Tuesday, 9 July 2024

Ceisteanna ó Cheannairí - Leaders' Questions

 

3:05 pm

Photo of Simon HarrisSimon Harris (Wicklow, Fine Gael)

It is a seriously important issue. It is fair to say that impacts on nearly all of us in different ways, if we are being honest. It is an issue that impacts people right across our country. It is an issue that particularly impacts children and younger people. There is a level of misogyny and sexism, and there are really serious issues in the context of vile online abuse. People are being targeted by faceless online users who seek to intimate people, silence them, stop them from saying something, get inside their minds and knock them off their stride. I am really concerned about the impact, as I think we all are, that this is having, and not only people who are public representatives. It is okay for us to say it has an impact. Breaking news: politicians are humans. There is also the major impact it can have on young people who are bullied online. Bullying used to be something that took place, as it still can, in a physical way. That was and is horrific, but you would remove yourself from a situation. It is now something that can follow you around. It is something that kids can take home in their schoolbags and their pockets and it will be there with them.

I want to say that the level of nasty and negative comments online is alarming. There has been robust political debate in this country since the foundation of the State. We go at it hammer and tongs in here. I would like to think that we do so a couple of times a week. That is very different, though, from the hateful, nasty and negative comments online. I appeal to people in this country - I know the Deputy and everyone else here does as well - to stop and think before they hit that button to publish horrible comments about another human being. You just do not have to do it. Why are we doing it? Why has this become some sort of norm? We all need to check ourselves, myself included, from time to time. We all need to check ourselves in the context of our language and how we go about our debates. Language is important and words matter.

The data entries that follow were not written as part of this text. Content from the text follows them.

From HB Require Import structures.
From mathcomp Require Import all_boot all_order all_algebra.
From mathcomp Require Import all_classical all_reals all_analysis.
From mathcomp Require Import complex.
From mathcomp Require Import measurable_realfun.
From mathcomp Require Import ring lra.

Set Implicit Arguments.
Unset Strict Implicit.
Unset Printing Implicit Defensive.

Import Order.TTheory GRing.Theory Num.Theory.
Import numFieldNormedType.Exports.

Local Open Scope classical_set_scope.
Local Open Scope ring_scope.

(* The functions e_j = c_j 1_{K_j} have pairwise disjoint supports and norm 1,
   so Cauchy-Schwarz on K_j gives |<e_j, g>|^2 <= int_{K_j} |g|^2, and summing
   over j yields Bessel's inequality  sum_j |<e_j, g>|^2 <= ||g||^2.  For
   g = e^{-iHt} e_v, of norm 1 by unitarity, this says that every column of
   [pi_{r,v}(t)] is substochastic; the missing mass goes to the absorbing state
   oo, which makes every column of the extended matrix sum to 1. *)

Lemma indic01 {R : numDomainType} {T : Type} (A : set T) (x : T) :
  0 <= (\1_A x : R) <= 1.
Proof. by rewrite indicE; case: (_ \in _); rewrite ?lexx ?ler01. Qed.

Section weighted_integrals.
Context d (T : measurableType d) (R : realType) (mu : {measure set T -> \bar R}).
Variable D : set T.
Hypothesis mD : measurable D.

Lemma integrableD_EFin (f g : T -> R) :
  mu.-integrable D (EFin \o f) -> mu.-integrable D (EFin \o g) ->
  mu.-integrable D (EFin \o (fun x => f x + g x)).
Proof. exact: integrableD. Qed.

Lemma integrableB_EFin (f g : T -> R) :
  mu.-integrable D (EFin \o f) -> mu.-integrable D (EFin \o g) ->
  mu.-integrable D (EFin \o (fun x => f x - g x)).
Proof. exact: integrableB. Qed.

Lemma integrableZl_EFin (k : R) (f : T -> R) :
  mu.-integrable D (EFin \o f) -> mu.-integrable D (EFin \o (fun x => k * f x)).
Proof. exact: integrableZl. Qed.

Lemma integrable_sum_EFin (I : Type) (s : seq I) (f : I -> T -> R) :
  (forall i, mu.-integrable D (EFin \o f i)) ->
  mu.-integrable D (EFin \o (fun x => \sum_(i <- s) f i x)).
Proof.
move=> fi; apply: eq_integrable (integrable_sum mD s (fun i _ => fi i)) => //.
by move=> x _ /=; rewrite sumEFin.
Qed.

Lemma Rintegral_sum (I : Type) (s : seq I) (f : I -> T -> R) :
  (forall i, mu.-integrable D (EFin \o f i)) ->
  \int[mu]_(x in D) \sum_(i <- s) f i x = \sum_(i <- s) \int[mu]_(x in D) f i x.
Proof.
move=> fi; elim: s => [|i s IH].
  by under eq_Rintegral do rewrite big_nil; rewrite Rintegral_cst // mul0r big_nil.
under eq_Rintegral do rewrite big_cons.
by rewrite RintegralD // ?IH ?big_cons //; exact: integrable_sum_EFin.
Qed.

What is the Government going to do? That is a fair question. Online safety is a key priority. We now finally have a media regulator. The Minister, Deputy Catherine Martin, has done very good work in this area. The regulator is called Coimisiún na Meán. At the heart of it is a new online safety framework which can be used to hold platforms to account and which will ensure that we significantly reduce harmful content online. A draft online safety code was published by the commission in May. It is intended that the code will be formally adopted later this year. It is designed to work in conjunction with various laws to ensure that platform supervision and the enforcement of regulations are delivered effectively. In the very brief time available, I note that it sets out the actions that video-sharing platforms, some of which the Deputy has named, such as TikTok, Facebook, Instagram and others have to take to protect users. It also has the ability to hit people where it works, which is in their pockets.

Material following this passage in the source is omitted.